Suspended animation for delayed resuscitation (SADR) is a novel approach for trauma patient resuscitation and provides increased time to apply surgical hemostasis and further treatment [6]. Suspended animation is the slowing or stopping of life processes by exogenous or endogenous means without termination. Therapeutic hypothermia has been traditionally used to protect the brain during cardiac surgery in order to finish repairs of complex congenital heart diseases and aortic arch surgeries [7, 8]. SADR is used to induce hypothermic preservation through cardiopulmonary bypass (CPB) during circulatory arrest in order to buy time for transport, damage control surgery, and delayed resuscitation. Thus, SADR is a particularly promising method for the effective treatment of potentially survivable patients and the improvement of their survival rates.

Preclinical studies based on SADR have been conducted in the last 3 decades using various animal models and have provided differing conclusions [9, 10]. Wu et al. [11] demonstrated that profound hypothermia (<10 °C) using glucose and oxygen in the flush solution can result in good recovery after 180 min of circulatory arrest (CA). However, others have only demonstrated good recovery after shorter CA time intervals. Rhee et al. [12] proposed that CA for 90 min with low flow or for 60 min with no flow, followed by delayed resuscitation, might obtain recovery in swine models. In contrast, in rat models, CA secondary to rapid exsanguination can be successfully treated by hypothermic flush in instances of CA that are less than 60 min, followed by delayed resuscitation [7, 9]. Nevertheless, high early mortality and multiple organ failure, including renal failure and liver necrosis, have been observed after resuscitation [13]. Rhee et al. [12] and Zink et al. [14] hypothesized that hypothermic arrest studies in the swine model might be most valuable for understanding treatment in humans because swine cardiopulmonary and immune physiology closely resembled those of humans.

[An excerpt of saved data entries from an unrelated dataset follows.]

Section Switching.
Variables (R : realType) (n : nat) (G T : rel 'I_n) (rt : 'I_n).
Hypotheses (symG : symmetric G) (irrG : irreflexive G).
Hypotheses (symT : symmetric T) (subTG : subrel T G).
Hypotheses (connT : forall x y, connect T x y) (acyclicT : ~ has_cycle T).
Hypothesis normT : normal_tree G T rt.
Variables phi psi : 'I_n -> 'I_n -> R[i].
Hypotheses (gphi : invertible_gains G phi) (gpsi : invertible_gains G psi).
Hypothesis same_cycle_gains : forall s t p,
  cotree_pair G T rt s t -> tree_path T s t p -> cycle_gain phi s t p = cycle_gain psi s t p.

Lemma root_path_exists x : exists p, [&& path T rt p, last rt p == x & uniq (rt :: p)].
Proof. by have [p /tree_pathP] := connect_tree_path (connT rt x); exists p. Qed.

Definition root_path x := xchoose (root_path_exists x).

Lemma root_pathP x : tree_path T rt x (root_path x).
Proof. exact/tree_pathP/(xchooseP (root_path_exists x)). Qed.

Definition switch_fun x := walk_gain psi rt (root_path x) / walk_gain phi rt (root_path x).

Lemma switch_fun_neq0 x : switch_fun x != 0.
Proof.
have [/(sub_path subTG) Gp _ _] := root_pathP x.
by rewrite mulf_neq0 ?invr_neq0 ?(walk_gain_neq0 gphi Gp) ?(walk_gain_neq0 gpsi Gp).
Qed.

Lemma descending_edge_gains x y p : G x y -> tree_le T rt x y -> tree_path T x y p ->
  psi x y * walk_gain phi x p = phi x y * walk_gain psi x p.
Proof.
move=> Gxy le_xy txy; case Txy: (T x y).
  have -> : p = [:: y].
    apply: (tree_path_unique symT acyclicT txy); split; rewrite /= ?Txy //.
    by rewrite inE andbT; apply: contraTneq Gxy => ->; rewrite irrG.
  by rewrite !walk_gain1 mulrC.
have cp : cotree_pair G T rt x y by split; rewrite ?Txy.
have := same_cycle_gains cp txy; rewrite /cycle_gain -!/(walk_gain _ _ _).
have [phi_neq0 ->] := gphi Gxy; have [psi_neq0 ->] := gpsi Gxy.
by move/eqP; rewrite eqr_div // => /eqP; rewrite mulrC => ->; rewrite mulrC.
Qed.

Lemma switch_fun_descending x y : G x y -> tree_le T rt x y ->
  psi x y = (switch_fun x)^-1 * phi x y * switch_fun y.
Proof.
move=> Gxy le_xy; case: (le_xy) => p [+ xp]; case/splitPl: xp => p1 p2 Lx tp.
have [tp1 tp2] := tree_path_split tp; rewrite Lx in tp1 tp2.
rewrite /switch_fun (tree_path_unique symT acyclicT (root_pathP x) tp1).
rewrite (tree_path_unique symT acyclicT (root_pathP y) tp) !walk_gain_cat Lx.
have [/(sub_path subTG) Gp1 _ _] := tp1; have [/(sub_path subTG) Gp2 _ _] := tp2.
have ratio := descending_edge_gains Gxy le_xy tp2.
rewrite -[psi x y](mulfK (walk_gain_neq0 gphi Gp2)) ratio.
by field; rewrite (walk_gain_neq0 gphi Gp2) (walk_gain_neq0 gphi Gp1) (walk_gain_neq0 gpsi Gp1).
Qed.

Lemma switch_fun_edge x y : G x y -> psi x y = (switch_fun x)^-1 * phi x y * switch_fun y.
Proof.
move=> Gxy; case: (normT Gxy) => le; first exact: switch_fun_descending.
have := switch_fun_descending (etrans (symG y x) Gxy) le.
have [_ ->] := gphi Gxy; have [_ ->] := gpsi Gxy.
move: (switch_fun x) (switch_fun y) => fx fy.
by move/(congr1 GRing.inv); rewrite invrK => ->; rewrite !invfM !invrK; ring.
Qed.

Lemma adj_mx_switch :
  adj_mx G psi = \matrix_(i, j) ((switch_fun i)^-1 * adj_mx G phi i j * switch_fun j).
Proof.
apply/matrixP => i j; rewrite !mxE.
by case: ifP => [/switch_fun_edge // | _]; rewrite mulr0 mul0r.
Qed.

Lemma char_poly_switching : char_poly (adj_mx G phi) = char_poly (adj_mx G psi).
Proof. by rewrite adj_mx_switch char_poly_diag_conj //; apply: switch_fun_neq0. Qed.

End Switching.

Section Reversal.
Variables (R : realType) (n : nat) (G T : rel 'I_n) (rt : 'I_n).
Hypotheses (symG : symmetric G) (subTG : subrel T G).
Implicit Type phi : 'I_n -> 'I_n -> R[i].

Lemma adj_mx_rev_gain phi : adj_mx G (rev_gain phi) = (adj_mx G phi)^T.
Proof. by apply/matrixP => i j; rewrite !mxE symG. Qed.

Lemma cycle_gain_rev_gain phi s t p : invertible_gains G phi -> G s t -> path T s p ->
  cycle_gain (rev_gain phi) s t p = (cycle_gain phi s t p)^-1.
Proof.
move=> gphi Gst /(sub_path subTG) Gp; rewrite /cycle_gain -!/(walk_gain _ _ _).
rewrite (walk_gain_rev gphi Gp) invfM; congr (_ * _).
by rewrite symG in Gst; rewrite /rev_gain (gphi t s Gst).2.
Qed.

Lemma in_AT_rev_gain r phi : invertible_gains G phi ->
  in_AT G T rt (flip_angles r) phi -> in_AT G T rt r (rev_gain phi).
Proof.
move=> gphi A s t p cp tp; have [Gst _ _] := cp; have [Tp _ _] := tp.
by rewrite cycle_gain_rev_gain // A // expi_flip_angles invrK.
Qed.

End Reversal.
Lemma computable_eval_code_comp g gs n :
  (forall n, computable (S n) (eval_code g)) ->
  Forall (fun h => forall n, computable (S n) (eval_code h)) gs ->
  computable (S n) (eval_code (RComp g gs)).
Proof.
  intros IHg IHgs. set (Cs := map eval_code gs).
  assert (FC : Forall (computable (S n)) Cs).
  { unfold Cs. apply Forall_map. eapply Forall_impl; [|exact IHgs]. intros a Ha; apply Ha. }
  eapply computable_ext.
  - apply (computable_ifz _ (fun l => fold_right Nat.mul 1 (map (fun G => G l) Cs)) (fun _ => 0)
      (fun l => eval_code g (map (fun G => G l)
         ((fun l => nth 0 l 0) :: map (fun C l => pred (C l)) Cs)))).
    + apply computable_prod_list; auto.
    + apply computable_const.
    + apply computable_comp with (m := S (length gs)); [apply IHg| |].
      * constructor; [apply computable_proj|]. apply Forall_map.
        eapply Forall_impl; [|exact FC]. intros a Ha. apply computable_pred, Ha.
      * simpl; unfold Cs; rewrite !length_map; auto.
  - intros [|k xs] L; simpl in L; try discriminate.
    unfold Cs. rewrite !map_map. unfold eval_code at 1 3. simpl.
    destruct (option_list_code (map (fun h => eval_bounded k h xs) gs)) as [[E1 E2]|[E1 E2]].
    + rewrite map_map in E2. unfold eval_code. simpl. rewrite E2, E1. reflexivity.
    + rewrite map_map in E2, E1. unfold eval_code in *. simpl in *. rewrite E1.
      destruct (fold_right Nat.mul 1 (map (fun x => code_option (eval_bounded k x xs)) gs)) eqn:E3;
        [congruence|].
      simpl. rewrite map_map. reflexivity.
Qed.

Lemma computable_eval_code_prim g h n :
  (forall n, computable (S n) (eval_code g)) -> (forall n, computable (S n) (eval_code h)) ->
  computable (S n) (eval_code (RPrim g h)).
Proof.
  intros IHg IHh. destruct n as [|n].
  - eapply computable_ext; [apply (computable_const _ 0)|].
    intros [|k [|x xs]] L; simpl in L; try discriminate. reflexivity.
  - assert (PB : computable (2 + n)
      (fun l => eval_code g (map (fun G => G l) [fun l => nth 0 l 0] ++ skipn 2 l))).
    { apply computable_prefix_args; [apply IHg|]. repeat constructor. apply computable_proj. }
    assert (PG : computable (4 + n) (fun l => ifz (nth 1 l 0) 0
      (eval_code h (map (fun G => G l)
         [fun l => nth 2 l 0; fun l => nth 0 l 0; fun l => pred (nth 1 l 0)] ++ skipn 4 l)))).
    { apply computable_ifz; [apply computable_proj|apply computable_const|].
      apply computable_prefix_args; [apply IHh|].
      repeat constructor; try apply computable_proj. apply computable_pred, computable_proj. }
    eapply computable_ext;
      [apply (computable_natrec _ (fun l => nth 1 l 0) _ _ (computable_proj _ 1) PB PG)|].
    intros [|k [|m xs]] L; simpl in L; try discriminate.
    unfold eval_code, natrec. simpl. induction m as [|m IH]; simpl; [reflexivity|].
    rewrite IH. destruct (nat_rect (fun _ => option nat) _ _ m); reflexivity.
Qed.
(* For $s\in\mathbb{D}^+_{21/4}$ let $r_1(s),r_2(s),r_3(s)$ be the roots of $P_s(u)=u^3/3+u^2+s$ labeled as described in the context. Then: (i) For all $s\in\mathbb{D}^+_{21/4}$ we have $r_3(s),r_1(s)\in\mathbb{D}^-_5$ and $r_2(s)\in\mathbb{D}^+_5$. (ii) Let $\hat{\mathcal{C}}_0$ be the polygon with vertices $-1,\,-1-6i,\,6-6i,\,6+6i,\,-6+6i,\,-6,\,-1$, oriented anticlockwise. Then for $s\in\mathbb{D}^+_{21/4}$, $r_2(s),r_3(s)$ lie in the interior of $\hat{\mathcal{C}}_0$ while $r_1(s)$ lies in its exterior. (iii) For all $s\in\mathbb{D}^+_{21/4}$ the closed path $\mathcal{C}$ (defined in the context) encloses $r_1(s)$ and $r_3(s)$ and leaves $r_2(s)$ outside. Moreover $$\alpha:=\sup_{u\in\mathcal{C},\ s\in\mathbb{D}^+_{21/4}}|J(u,s)|<\infty,\qquad J(u,s)=\int_{u_0}^u R(v,s)\,dv,$$ where the integral is taken along $\mathcal{C}$.
   Context: $\mathbb{H}$ is the open upper half plane; $\mathbb{D}^+_\rho=\{s\in\mathbb{H}:|s|<\rho\}$ and $\mathbb{D}^-_\rho=\{s\in-\mathbb{H}:|s|<\rho\}$. For $s\in\mathbb{H}$ the polynomial $P_s$ has distinct roots, exactly one of which, $r_2(s)$, lies in $\mathbb{H}$; the other two lie in the lower half plane, $r_1(s)$ having real part $<-2$ and $r_3(s)$ having positive real part. The path $\mathcal{C}$ consists of the polygonal line connecting successively $6,\ \frac{1+i}{3},\ -(1+i),\ -2+\frac{-1+i}{3},\ -3+\frac{i}{3},\ u_0,\ -6$, with $u_0=-4$, closed by the semicircle of radius $6$ centered at the origin in the lower half plane. $R(v,s)=\sqrt{v^3/3+v^2+s}$, taken as a continuous branch along $\mathcal{C}$ starting at $u_0$. *)

From Stdlib Require Import Reals.
From Coquelicot Require Import Coquelicot.
Open Scope R_scope.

Additionally, the physiological response of swine models to hemorrhage resembles the human response more closely than any other non-primate species. Furthermore, the main ideas mentioned above were also reinforced by Alam et al. [15]. Here, we assessed survival and neurological outcomes in a swine model following complete cardiac arrest that was induced using organ preservation solution (OPS) in the blood and SADR at 15 °C with CA for 90 min and 120 min.

Methods

Animal preparation

The protocol for the study was approved by the Institutional Animal Care and Use Committee of General Hospital of Shenyang Military Command (2015019). All animals received humane care, and all animal protocols complied with the institution’s guidelines. Sixteen male BAMA minipigs, each weighing 41 to 76 kg (median weight: 49 kg and 25th–75th percentile ranges: 42–63 kg), were randomized into two groups: CA90 group (n = 8), which underwent 90 min of complete cardiac arrest, and CA120 group (n = 7), which underwent 120 min of complete cardiac arrest (1 swine died after terminal CPB caused by a blunt aortic injury from the femoral artery catheter). The animals were fasted overnight and sedated with an intramuscular injection of ketamine (10 mg/kg). After placement of an endotracheal tube, the animals were allowed to breathe spontaneously while light anesthesia was administered using isoflurane (0.5%–1.0%) through the Narkomed M anesthesia machine (North American Drager, Telford, PA). The right femoral arteries and veins were cannulated with 22G angiocatheters (SCW Medicath LTD, Shenzhen, GD) and 5F dual-lumen central venous catheters (SCW Medicath LTD, Shenzhen, GD), respectively. Puncture was used to monitor arterial pressure and central venous pressure. After the animals were heparinized (300 U/kg), the right carotid arteries and the internal jugular veins were cannulated with 16F femoral artery catheters and 18F femoral venous catheters (Edwards Lifesciences LLC, Irvine, CA), respectively. A cut-down technique was used to establish cardiopulmonary bypass. The animals were paralyzed and switched to full ventilatory support. Minimum ventilation was adjusted to keep the PaCO2 at 35–40 mmHg. The fraction of inspired oxygen (FiO2) was kept at the lowest possible level to maintain pulse oximetry readings above 95%.

Hemorrhage protocol

Previous studies have shown that most mortalities (90.9%) in a cohort of casualties with potentially survivable wounds are associated with hemorrhage [5]. Therefore, we did not damage the vessels as in previous studies [15]. Rather, animals were bled via femoral venous catheters to approximate hemorrhaging [mean arterial pressure (MAP) rapidly decreases to 30 mmHg] and simulate traumatic laceration [16], and blood was collected in bags for auto-transfusion. All animals were kept in a state of hypoperfusion for 30 min (simulating transport time from the frontlines downrange to the military health center), with a 1000 to 1500 ml blood loss (approximately 50% of the estimated blood volume).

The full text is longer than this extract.